Old news: Omega-3 fatty acids improve brain function and eyesight; they also reduce heart disease, digestive issues, depression, osteoporosis, diabetes, high cholesterol, high blood pressure, arthritis, ADHD, cancer, and more. These are essential fatty acids, meaning that they are necessary for human health, but your body can’t make them (you have to get them from food).
New news: Not all omega-3s are created equal. At least not when it comes to cancer prevention, says a new study published in the Journal of Nutritional Biochemistry. The Canadian researchers found that omega-3 fatty acids that were marine-based—coming from fish, algae, or phytoplankton—offered eight times the protection at inhibiting tumor development and growth compared to plant-based omega-3s. Mice that had a highly aggressive form of breast cancer that affects 25% of women were given either plant-based or marine-based omega-3s. Compared to the plant-sourced omega-3s, the mice exposed to marine omega-3s had tumors that shrunk 60 to 70%, and they reduced the number of overall tumors by 30%.
While it’s always ideal to have human studies, this research is promising and points us to the types of omega-3s that have the most potent benefits for aggressive breast cancer.
ALA, EPA, and DHA Omega-3s: What’s the difference?
This difference boils down to a lot of chemistry that has to do with the number of carbons and double bonds that make up the chains for omega-3 fatty acids. What’s important to know is that alpha-linolenic acid (ALA) comes from plant sources such as flaxseed, soybean, walnuts, chia seeds, avocado, and so on. While your body can convert ALA into eicosapentaenoic acid (EPA) and docosahexaenoic acid (DHA), you lose a lot in the process. This conversion mostly happens in your liver and what you end up with is estimated to be less than 15%. However, when you take EPA and DHA directly you absorb 95%—that’s a big difference.
How to make sure you get enough cancer protecting omega-3s.

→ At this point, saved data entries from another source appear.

(* Suppose Assumption A1 holds and $F^*>-\infty$. Then Algorithm (1-RCD), with indices $i_k$ drawn i.i.d. from the uniform distribution on $\{1,\dots,N\}$, generates a sequence $x^k$ satisfying, for all $k\ge0$, $$\min_{0\le l\le k} E\left[\left(M_1(x^l,L)\right)^2\right]\le \frac{2N\,(F(x^0)-F^* )}{k+1},$$ where the expectation is over the random index choices.
   Context: Block structure: $n=\sum_{i=1}^N n_i$, $I_n=[U_1\ \dots\ U_N]$ with $U_i\in\mathbb{R}^{n\times n_i}$, $x_i=U_i^Tx$, $\nabla_i f(x)=U_i^T\nabla f(x)$. Problem: $F^*=\min_{x\in\mathbb{R}^n}F(x):=f(x)+h(x)$. Assumption A1: (i) $f$ is differentiable and there are constants $L_i>0$ with $\|\nabla_i f(x+U_is_i)-\nabla_i f(x)\|\le L_i\|s_i\|$ for all $s_i\in\mathbb{R}^{n_i}$, $x\in\mathbb{R}^n$, $i=1,\dots,N$; (ii) $h$ is proper, convex, continuous and block separable, $h(x)=\sum_{i=1}^N h_i(x_i)$ with each $h_i:\mathbb{R}^{n_i}\to\mathbb{R}$ convex. $L=[L_1\dots L_N]^T$. Algorithm (1-RCD): given $x^0\in\mathbb{R}^n$, for $k\ge0$ choose an index $i_k\in\{1,\dots,N\}$ at random (i.i.d. across iterations), compute $d_{i_k}=\arg\min_{s\in\mathbb{R}^{n_{i_k}}}\ f(x^k)+\langle\nabla_{i_k}f(x^k),s\rangle+\frac{L_{i_k}}{2}\|s\|^2+h(x^k+U_{i_k}s)$, and set $x^{k+1}=x^k+U_{i_k}d_{i_k}$. Notation: $\|x\|_L=(\sum_i L_i\|x_i\|^2)^{1/2}$, $\|y\|_L^*=(\sum_i L_i^{-1}\|y_i\|^2)^{1/2}$, $D_L=\mathrm{diag}(L_1I_{n_1},\dots,L_NI_{n_N})$, $d_L(x)=\arg\min_{s\in\mathbb{R}^n} f(x)+\langle\nabla f(x),s\rangle+\frac12\|s\|_L^2+h(x+s)$, $M_1(x,L)=\|D_L d_L(x)\|_L^*$. *)

From Stdlib Require Import Reals Lra Lia List.
Open Scope R_scope.

(* A point of R^n = R^{n_1} x ... x R^{n_N} is represented in block form:
   x i j is the j-th coordinate of block x_i (0-based: i < N, j < nb i).
   Values outside this range are irrelevant. *)
Definition Vec := nat -> nat -> R.
Definition BVec := nat -> R.

Fixpoint fsum (n : nat) (f : nat -> R) : R :=
  match n with O => 0 | S m => fsum m f + f m end.

Definition bnorm2 (m : nat) (s : BVec) : R := fsum m (fun j => s j ^ 2).
Definition bnorm (m : nat) (s : BVec) : R := sqrt (bnorm2 m s).
Definition binner (m : nat) (u v : BVec) : R := fsum m (fun j => u j * v j).

Definition inner (N : nat) (nb : nat -> nat) (x y : Vec) : R :=
  fsum N (fun i => binner (nb i) (x i) (y i)).
Definition vnorm (N : nat) (nb : nat -> nat) (x : Vec) : R :=
  sqrt (fsum N (fun i => bnorm2 (nb i) (x i))).

Definition vadd (x y : Vec) : Vec := fun i j => x i j + y i j.
Definition bsub (u v : BVec) : BVec := fun j => u j - v j.
Definition bcomb (t : R) (u v : BVec) : BVec := fun j => t * u j + (1 - t) * v j.

Definition upd (nb : nat -> nat) (x : Vec) (i : nat) (s : BVec) : Vec :=
  fun i' j => if andb (Nat.eqb i' i) (Nat.ltb j (nb i)) then x i' j + s j else x i' j.

Definition has_gradient (N : nat) (nb : nat -> nat) (f : Vec -> R) (g : Vec -> Vec) : Prop :=
  forall x eps, 0 < eps -> exists delta, 0 < delta /\
    forall h, vnorm N nb h < delta ->
      Rabs (f (vadd x h) - f x - inner N nb (g x) h) <= eps * vnorm N nb h.

(* Assumption A1 (i): block-coordinatewise Lipschitz gradient *)
Definition block_lipschitz (N : nat) (nb : nat -> nat) (g : Vec -> Vec) (L : nat -> R) : Prop :=
  forall i x s, (i < N)%nat ->
    bnorm (nb i) (bsub (g (upd nb x i s) i) (g x i)) <= L i * bnorm (nb i) s.

(* hi : R^{m} -> R is a function of R^m (depends only on coordinates < m) *)
Definition block_fun (m : nat) (hi : BVec -> R) : Prop :=
  forall u v, (forall j, (j < m)%nat -> u j = v j) -> hi u = hi v.

Definition convex_on (m : nat) (hi : BVec -> R) : Prop :=
  forall u v t, 0 <= t <= 1 -> hi (bcomb t u v) <= t * hi u + (1 - t) * hi v.

Definition continuous_on (m : nat) (hi : BVec -> R) : Prop :=
  forall u eps, 0 < eps -> exists delta, 0 < delta /\
    forall v, bnorm m (bsub v u) < delta -> Rabs (hi v - hi u) < eps.

Definition hsum (N : nat) (hb : nat -> BVec -> R) (x : Vec) : R :=
  fsum N (fun i => hb i (x i)).

(* Model minimized at iteration k for block i *)
Definition block_model (nb : nat -> nat) (f : Vec -> R) (g : Vec -> Vec)
  (h : Vec -> R) (L : nat -> R) (x : Vec) (i : nat) (s : BVec) : R :=
  f x + binner (nb i) (g x i) s + L i / 2 * bnorm2 (nb i) s + h (upd nb x i s).

Definition Lnorm2 (N : nat) (nb : nat -> nat) (L : nat -> R) (s : Vec) : R :=
  fsum N (fun i => L i * bnorm2 (nb i) (s i)).

(* full model defining d_L(x) *)
Definition full_model (N : nat) (nb : nat -> nat) (f : Vec -> R) (g : Vec -> Vec)
  (h : Vec -> R) (L : nat -> R) (x s : Vec) : R :=
  f x + inner N nb (g x) s + / 2 * Lnorm2 N nb L s + h (vadd x s).

Definition Ldualnorm (N : nat) (nb : nat -> nat) (L : nat -> R) (y : Vec) : R :=
  sqrt (fsum N (fun i => / L i * bnorm2 (nb i) (y i))).

Definition DL (L : nat -> R) (d : Vec) : Vec := fun i j => L i * d i j.

Definition M1 (N : nat) (nb : nat -> nat) (L : nat -> R) (dL : Vec -> Vec) (x : Vec) : R :=
  Ldualnorm N nb L (DL L (dL x)).

(* Run of 1-RCD along the index list i_0, i_1, ..., using block step D *)
Fixpoint rcd_run (nb : nat -> nat) (D : Vec -> nat -> BVec) (x : Vec) (w : list nat) : Vec :=
  match w with
  | nil => x
  | i :: r => rcd_run nb D (upd nb x i (D x i)) r
  end.

(* Expectation of G(i_0,...,i_{l-1}) for i.i.d. indices uniform on {0,...,N-1} *)
Fixpoint expect_unif (N : nat) (l : nat) (G : list nat -> R) : R :=
  match l with
  | O => G nil
  | S m => / INR N * fsum N (fun i => expect_unif N m (fun r => G (i :: r)))
  end.

(* Write F = f + h.  The proof has three ingredients.
   1. Block descent: by the mean value theorem along the line t |-> x + t U_i s,
      block Lipschitz continuity of the gradient gives
      f(x + U_i s) <= f(x) + <grad_i f(x), s> + L_i/2 ||s||^2.  Hence one step
      of 1-RCD along block i decreases F at least as much as the block model,
      evaluated at the i-th block of any competitor s.
   2. Optimality of d = d_L(x): comparing the full model at d and at t d for
      t in [0,1] (convexity of h) yields <grad f(x), d> + h(x+d) - h(x) <= -||d||_L^2.
      Taking s = d_i in 1. and averaging over i then gives
      (1/N) sum_i F(x + U_i D_i(x)) <= F(x) - M_1(x,L)^2 / (2N).
   3. Expectations: this one-step inequality propagates through the
      uniform expectation over index sequences, and a telescoping sum with
      F >= F^* bounds the smallest expected value of M_1^2 by the average. *)

From Stdlib Require Import Reals Lra Lia FunctionalExtensionality.
Open Scope R_scope.

Lemma fsum_ext n f g : (forall i, (i < n)%nat -> f i = g i) -> fsum n f = fsum n g.
Proof.
  induction n as [|n IH]; simpl; intros Hfg; auto.
  rewrite IH by (intros; apply Hfg; lia). rewrite Hfg by lia. reflexivity.
Qed.

Lemma fsum_le n f g : (forall i, (i < n)%nat -> f i <= g i) -> fsum n f <= fsum n g.
Proof.
  induction n as [|n IH]; simpl; intros Hfg; [lra|].
  assert (f n <= g n) by (apply Hfg; lia).
  assert (fsum n f <= fsum n g) by (apply IH; intros; apply Hfg; lia).
  lra.
Qed.

Lemma fsum_plus n f g : fsum n (fun i => f i + g i) = fsum n f + fsum n g.
Proof. induction n as [|n IH]; simpl; [lra|]. rewrite IH; lra. Qed.

Lemma fsum_minus n f g : fsum n (fun i => f i - g i) = fsum n f - fsum n g.
Proof. induction n as [|n IH]; simpl; [lra|]. rewrite IH; lra. Qed.

Lemma fsum_scal n c f : fsum n (fun i => c * f i) = c * fsum n f.
Proof. induction n as [|n IH]; simpl; [lra|]. rewrite IH; lra. Qed.

Lemma fsum_div n f c : fsum n (fun i => f i / c) = fsum n f / c.
Proof. induction n as [|n IH]; simpl; [unfold Rdiv; ring|]. rewrite IH; unfold Rdiv; ring. Qed.

Lemma fsum_const n c : fsum n (fun _ => c) = INR n * c.
Proof. induction n as [|n IH]; simpl fsum; [simpl; lra|]. rewrite IH, S_INR; lra. Qed.

Lemma fsum_zero n f : (forall i, (i < n)%nat -> f i = 0) -> fsum n f = 0.
Proof. intros Hf. rewrite (fsum_ext _ _ (fun _ => 0)), fsum_const by auto. ring. Qed.

Lemma fsum_nonneg n f : (forall i, (i < n)%nat -> 0 <= f i) -> 0 <= fsum n f.
Proof.
  intros Hf. rewrite <- (Rmult_0_r (INR n)), <- fsum_const. apply fsum_le; auto.
Qed.

Lemma fsum_update n f g i : (i < n)%nat ->
  (forall j, (j < n)%nat -> j <> i -> f j = g j) -> fsum n f = fsum n g - g i + f i.
Proof.
  induction n as [|n IH]; simpl; intros Hi Hfg; [lia|].
  destruct (Nat.eq_dec n i) as [->|Hni].
  - rewrite (fsum_ext i f g) by (intros; apply Hfg; lia). ring.
  - rewrite IH by (lia || (intros; apply Hfg; lia)). rewrite (Hfg n) by lia. ring.
Qed.

Lemma fsum_only n f i : (i < n)%nat ->
  (forall j, (j < n)%nat -> j <> i -> f j = 0) -> fsum n f = f i.
Proof.
  intros Hi Hf. rewrite (fsum_update n f (fun _ => 0) i), fsum_const by auto. ring.
Qed.

Lemma bnorm2_nonneg m s : 0 <= bnorm2 m s.
Proof. apply fsum_nonneg. intros. apply pow2_ge_0. Qed.

Lemma bnorm2_scal m c s : bnorm2 m (fun j => c * s j) = c ^ 2 * bnorm2 m s.
Proof. unfold bnorm2. rewrite <- fsum_scal. apply fsum_ext. intros. ring. Qed.

Lemma bnorm_scal m c s : bnorm m (fun j => c * s j) = Rabs c * bnorm m s.
Proof.
  unfold bnorm. rewrite bnorm2_scal, sqrt_mult_alt by apply pow2_ge_0.
  rewrite <- sqrt_Rsqr_abs. unfold Rsqr. do 2 f_equal. ring.
Qed.

Lemma binner_young m u v lam : 0 < lam ->
  binner m u v <= / (2 * lam) * bnorm2 m u + lam / 2 * bnorm2 m v.
Proof.
  intros Hlam. unfold binner, bnorm2. rewrite <- !fsum_scal, <- fsum_plus.
  apply fsum_le. intros j _.
  assert (Hsq : 0 <= (u j - lam * v j) ^ 2) by apply pow2_ge_0.
  apply (Rmult_le_reg_r (2 * lam)); [lra|].
  replace ((/ (2 * lam) * u j ^ 2 + lam / 2 * v j ^ 2) * (2 * lam))
    with (u j ^ 2 + lam ^ 2 * v j ^ 2) by (field; lra).
  nra.
Qed.

(* If ||w|| <= K ||s|| then <w,s> <= K ||s||^2 (Young with lam = K). *)
Lemma binner_le_of_bnorm_le m w s K : 0 < K ->
  bnorm m w <= K * bnorm m s -> binner m w s <= K * bnorm2 m s.
Proof.
  intros HK Hws.
  assert (Hw2 : bnorm2 m w <= K ^ 2 * bnorm2 m s).
  { unfold bnorm in Hws.
    rewrite <- (pow2_sqrt (bnorm2 m w)), <- (pow2_sqrt (bnorm2 m s)) by apply bnorm2_nonneg.
    rewrite <- Rpow_mult_distr. apply pow_incr. split; [apply sqrt_pos | exact Hws]. }
  eapply Rle_trans; [apply (binner_young m w s K HK)|].
  assert (0 <= / (2 * K)) by (left; apply Rinv_0_lt_compat; lra).
  apply Rle_trans with (/ (2 * K) * (K ^ 2 * bnorm2 m s) + K / 2 * bnorm2 m s).
  - apply Rplus_le_compat_r, Rmult_le_compat_l; auto.
  - right. field. lra.
Qed.

Definition embed (nb : nat -> nat) (i : nat) (s : BVec) (u : R) : Vec :=
  fun i' j => if andb (Nat.eqb i' i) (Nat.ltb j (nb i)) then u * s j else 0.

Definition block_line (nb : nat -> nat) (x : Vec) (i : nat) (s : BVec) (t : R) : Vec :=
  upd nb x i (fun j => t * s j).

Lemma block_line_shift nb x i s t u :
  vadd (block_line nb x i s t) (embed nb i s u) = block_line nb x i s (t + u).
Proof.
  unfold vadd, block_line, upd, embed.
  do 2 (apply functional_extensionality; intro). destruct (andb _ _); ring.
Qed.

Lemma block_line_0 nb x i s : block_line nb x i s 0 = x.
Proof.
  unfold block_line, upd.
  do 2 (apply functional_extensionality; intro). destruct (andb _ _); ring.
Qed.

Lemma block_line_1 nb x i s : block_line nb x i s 1 = upd nb x i s.
Proof.
  unfold block_line, upd.
  do 2 (apply functional_extensionality; intro). destruct (andb _ _); ring.
Qed.

Lemma embed_block nb i s u (G : nat -> R -> R) :
  fsum (nb i) (fun j => G j (embed nb i s u i j)) = fsum (nb i) (fun j => G j (u * s j)).
Proof.
  apply fsum_ext. intros j Hj. unfold embed.
  rewrite Nat.eqb_refl, (proj2 (Nat.ltb_lt j (nb i)) Hj). reflexivity.
Qed.

Lemma inner_embed N nb G i s u : (i < N)%nat ->
  inner N nb G (embed nb i s u) = u * binner (nb i) (G i) s.
Proof.
  intros Hi. unfold inner. rewrite (fsum_only N _ i Hi).
  - unfold binner. rewrite (embed_block nb i s u (fun j y => G i j * y)), <- fsum_scal.
    apply fsum_ext. intros. ring.
  - intros i' _ Hi'. apply fsum_zero. intros j _. unfold embed.
    rewrite (proj2 (Nat.eqb_neq i' i) Hi'). simpl. ring.
Qed.

Lemma vnorm_embed N nb i s u : (i < N)%nat ->
  vnorm N nb (embed nb i s u) = Rabs u * bnorm (nb i) s.
Proof.
  intros Hi. unfold vnorm. rewrite (fsum_only N _ i Hi).
  - rewrite <- bnorm_scal. unfold bnorm, bnorm2.
    rewrite (embed_block nb i s u (fun _ y => y ^ 2)). reflexivity.
  - intros i' _ Hi'. apply fsum_zero. intros j _. unfold embed.
    rewrite (proj2 (Nat.eqb_neq i' i) Hi'). simpl. ring.
Qed.

(** * The block descent lemma *)

Section BlockDescent.

Variables (N : nat) (nb : nat -> nat) (L : nat -> R) (f : Vec -> R) (g : Vec -> Vec).
Hypothesis Hgrad : has_gradient N nb f g.
Hypothesis Hlip : block_lipschitz N nb g L.
Hypothesis HL : forall i, (i < N)%nat -> 0 < L i.

Lemma block_line_derivative x i s t : (i < N)%nat ->
  derivable_pt_lim (fun t => f (block_line nb x i s t)) t
    (binner (nb i) (g (block_line nb x i s t) i) s).
Proof.
  intros Hi eps Heps.
  set (y := block_line nb x i s t).
  set (S := bnorm (nb i) s).
  assert (HS : 0 <= S) by apply sqrt_pos.
  destruct (Hgrad y (eps / (2 * (S + 1)))) as [delta [Hdelta Hy]].
  { apply Rdiv_lt_0_compat; lra. }
  assert (Hdelta' : 0 < delta / (S + 1)) by (apply Rdiv_lt_0_compat; lra).
  exists (mkposreal _ Hdelta'). simpl. intros h Hh0 Hh.
  assert (Hah : 0 < Rabs h) by (apply Rabs_pos_lt; auto).
  assert (Hsmall : Rabs h * S < delta).
  { apply Rlt_le_trans with (Rabs h * (S + 1)); [nra|].
    apply Rmult_lt_compat_r with (r := S + 1) in Hh; [|lra].
    unfold Rdiv in Hh. rewrite Rmult_assoc, Rinv_l in Hh by lra. lra. }
  specialize (Hy (embed nb i s h)).
  unfold y in Hy. rewrite vnorm_embed, block_line_shift, inner_embed in Hy by auto.
  fold y S in Hy. specialize (Hy Hsmall).
  set (l := binner (nb i) (g y i) s) in *.
  replace ((f (block_line nb x i s (t + h)) - f y) / h - l)
    with ((f (block_line nb x i s (t + h)) - f y - h * l) * / h) by (field; auto).
  rewrite Rabs_mult, Rabs_inv.
  apply Rle_lt_trans with (eps / (2 * (S + 1)) * S).
  - apply (Rmult_le_reg_r (Rabs h)); auto.
    rewrite Rmult_assoc, Rinv_l by lra. lra.
  - apply (Rmult_lt_reg_r (2 * (S + 1))); [lra|].
    replace (eps / (2 * (S + 1)) * S * (2 * (S + 1))) with (eps * S) by (field; lra).
    nra.
Qed.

I recommend that you eat fish two to three times per week and that you take 2 to 3 grams of a marine-based omega-3 supplement each day. You can also get EPA and DHA from omega-3 enriched eggs and milk.
Are there vegan and vegetarian options for marine-based omega-3s?
The best way to get DHA and EPA omega-3s is by eating fish and/or taking a fish-derived omega-3 supplement. This is a tricky one for vegans and vegetarians and a personal decision, but here are the facts: You can get DHA and EPA from algae and phytoplankton omega-3 supplements. But are algae and plankton vegan and/or vegetarian? The answer is yes—and no. Some species of algae can be both plant and animal. These algae can produce their own food by photosynthesis (like plants), but they can also eat other plants (like an animal). Phytoplankton is microscopic marine algae and can fall under the same ambiguous classification as algae.
Bottom line: More research is needed to find out if other health benefits are enhanced by different types of omega-3s, but for now it seems that marine-derived omega-3s are the best bet for breast cancer prevention.